00.23 u. Een flard van The Streets, ‘Fit But You Know It’ gehoord, als van een auto die voorbijrijdt of een deur die open- en weer dichtgaat; dan is het geluid weer weg. Gedempte dance-muziek uit de Bar None. Weer gewacht. Weer niets. Toch weet ik zeker dat ik gelijk heb. Moordenaar zal opnieuw toeslaan en als dat een week later op dezelfde plek gebeurt, staan we mooi voor paal!
Samenvatting: Tot twee uur gebleven, maar er is niets gebeurd. Toen het een halfuur lang stil was in de stad en het duidelijk was dat moordenaar noch slachtoffer vannacht deze kant op zou komen, besloten de surveillance voor vanavond te beëindigen.

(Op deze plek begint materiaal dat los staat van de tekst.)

Definition K3_polymorphism n (h : ('I_n -> 'I_3) -> 'I_3) : Prop :=
  forall a b, perp a b -> h a != h b.

Definition depends_only_on n (h : ('I_n -> 'I_3) -> 'I_3) (k : 'I_n) : Prop :=
  forall a b, a k = b k -> h a = h b.

Lemma depends_only_on_inj n (h : ('I_n -> 'I_3) -> 'I_3) k :
  K3_polymorphism h -> depends_only_on h k ->
  forall a b, a k != b k -> h a != h b.
Proof.
move=> hpol hk a b abk.
rewrite (hk a (fun _ => a k)) // (hk b (fun _ => b k)) //.
exact: hpol.
Qed.

Definition ext n (x : 'I_n -> 'I_3) (t : 'I_3) : 'I_n.+1 -> 'I_3 :=
  fun i => if unlift ord_max i is Some j then x j else t.

Lemma ext_eta n (a : 'I_n.+1 -> 'I_3) :
  a = ext (fun j => a (lift ord_max j)) (a ord_max).
Proof.
by apply: functional_extensionality => i; rewrite /ext; case: unliftP => [j ->|->].
Qed.

Lemma perp_ext n (x y : 'I_n -> 'I_3) t t' :
  perp x y -> t != t' -> perp (ext x t) (ext y t').
Proof. by move=> xy tt' i; rewrite /ext; case: (unlift ord_max i). Qed.

Section Rows.
Variables (n : nat) (h : ('I_n.+1 -> 'I_3) -> 'I_3).
Hypothesis h_pol : K3_polymorphism h.

Definition row (x : 'I_n -> 'I_3) : 'I_3 -> 'I_3 := fun t => h (ext x t).

Lemma h_row a : h a = row (fun j => a (lift ord_max j)) (a ord_max).
Proof. by rewrite {1}[a]ext_eta. Qed.

Lemma crossed_rows x y : perp x y -> crossed (row x) (row y).
Proof.
move=> xy; apply/all3P => t; apply/all3P => t'; apply/implyP => tt'.
exact/h_pol/perp_ext.
Qed.

(** Rows of perpendicular vectors are both constant or equal, as witnessed
    by a third vector perpendicular to both. *)
Lemma rows_of_perp x z : perp x z ->
  (constant_row (row x) && constant_row (row z)) || same_row (row x) (row z).
Proof.
move=> xz; pose w i := third (x i) (z i).
have xw : perp x w by move=> i; case/andP: (third_neq (x i) (z i)); rewrite eq_sym.
have zw : perp z w by move=> i; case/andP: (third_neq (x i) (z i)) => _; rewrite eq_sym.
by apply: (three_crossed_rows (r2 := row w)); apply: crossed_rows.
Qed.

Lemma rows_dichotomy :
  (forall y, constant_row (row y)) \/ (forall y, row y = row (fun _ => o0)).
Proof.
(* Every y is linked to the constant vector x0 through a vector m
   perpendicular to both, along which constancy resp. equality propagates. *)
pose x0 (i : 'I_n) := o0.
have mid y : perp x0 (fun i => third (x0 i) (y i)) /\
             perp (fun i => third (x0 i) (y i)) y.
  by split=> i; case/andP: (third_neq (x0 i) (y i)); rewrite // eq_sym.
have [cx0|ncx0] := boolP (constant_row (row x0)).
  have constant_perp x z : perp x z -> constant_row (row x) -> constant_row (row z).
    by move=> xz cx; case/orP: (rows_of_perp xz) => [/andP[]|/same_rowP <-].
  left=> y; have [x0m my] := mid y.
  exact: (constant_perp _ _ my (constant_perp _ _ x0m cx0)).
have same_perp x z : perp x z -> ~~ constant_row (row x) -> row z = row x.
  move=> xz ncx; case/orP: (rows_of_perp xz) => [/andP[cx _]|/same_rowP //].
  by rewrite cx in ncx.
right=> y; have [x0m my] := mid y.
have row_m := same_perp _ _ x0m ncx0.
by rewrite (same_perp _ _ my) row_m.
Qed.

End Rows.

Lemma K3_polymorphism_unary n (h : ('I_n -> 'I_3) -> 'I_3) :
  K3_polymorphism h -> exists k, depends_only_on h k.
Proof.
elim: n h => [|n IHn] h hpol.
  (* In arity 0 the empty tuple is perpendicular to itself. *)
  have perp0 : perp (fun _ : 'I_0 => o0) (fun _ => o0) by case.
  by have /eqP := hpol _ _ perp0.
have [rc|req] := rows_dichotomy hpol.
  (* Constant rows: h ignores its last argument and restricts to a
     polymorphism of arity n. *)
  pose g x := h (ext x o0).
  have [k gk] : exists k, depends_only_on g k.
    apply: IHn => x y xy.
    by rewrite /g -[h (ext y o0)]/(row h y o0) -(constant_rowP _ (rc y) o1); apply/hpol/perp_ext.
  exists (lift ord_max k) => a b ab.
  rewrite (h_row h a) (h_row h b) (constant_rowP _ (rc _)) (constant_rowP _ (rc (fun j => b _))).
  exact: gk.
(* Equal rows: h only depends on its last argument. *)
by exists ord_max => a b ab; rewrite (h_row h a) (h_row h b) !req ab.
Qed.

Lemma clone_minor (A : Type) (C : forall n, op A n -> Prop) n m (f : op A n)
    (r : 'I_n -> 'I_m) :
  is_clone C -> C n f -> C m (fun x => f (fun i => x (r i))).
Proof. by case=> proj comp fC; apply: comp fC _ => i; apply: proj. Qed.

Banks’ vermoeden dat Templeton op eigen houtje de Maze in de gaten had gehouden, klopte dus. Gezien de moord op de jonge agent was dit niet meer dan een schrale troost, maar toch. Banks keek nog eenmaal de flat rond, deed de voordeur op slot en keerde met het notitieblok onder zijn arm terug naar het bureau.
Het was een lange rit naar Eastvale en Annie was er niet helemaal van overtuigd dat het ook de moeite waard was, maar wat Banks haar via de telefoon had verteld, intrigeerde en verontrustte haar. Ze was toch al niet van plan geweest om na Keith McLarens telefoontje weer in bed te kruipen, hoe moe ze zich ook voelde, en nu reed ze dus op zondagochtend in alle stilte zonder oponthoud over de kronkelende wegen tussen de heidevelden door. De zon had de mist inmiddels volledig verjaagd en het was een frisse, heldere lentedag.
Toen Annie rond halfelf het hoofdbureau van de westelijke divisie binnenwandelde, voelde ze onmiddellijk de gespannen, melancholieke sfeer. Ook als Banks het haar niet had verteld, had ze meteen geweten dat er een politieagent om het leven was gekomen. Het was een unieke sfeer die nergens mee te vergelijken was. De aanwezigen bogen zich verbeten over hun werk, iedereen had een kort lontje en er lag een dikke deken van schrik en woede over alles heen.
Banks zat in zijn kantoor een stapel papieren op zijn bureau door te bladeren en Winsome stond naast hem. Hij kwam overeind om Annie te begroeten en ze kon geen greintje vijandigheid bij hem ontdekken, hoewel ze die na hun laatste ontmoeting wellicht wel had verwacht. Daardoor voelde ze zich nog akeliger. Hij had alle recht om haar te haten. Winsome keek haar echter wel met een ijzige blik aan. Na een stug ‘Hallo’ verliet ze vrijwel onmiddellijk de kamer. Banks gebaarde dat Annie moest gaan zitten en belde om koffie te laten brengen.
‘Het spijt me dat ik je zo vroeg heb gebeld,’ zei hij. ‘Ik hoop dat je gisteravond niet wild bent gaan stappen in de stad.’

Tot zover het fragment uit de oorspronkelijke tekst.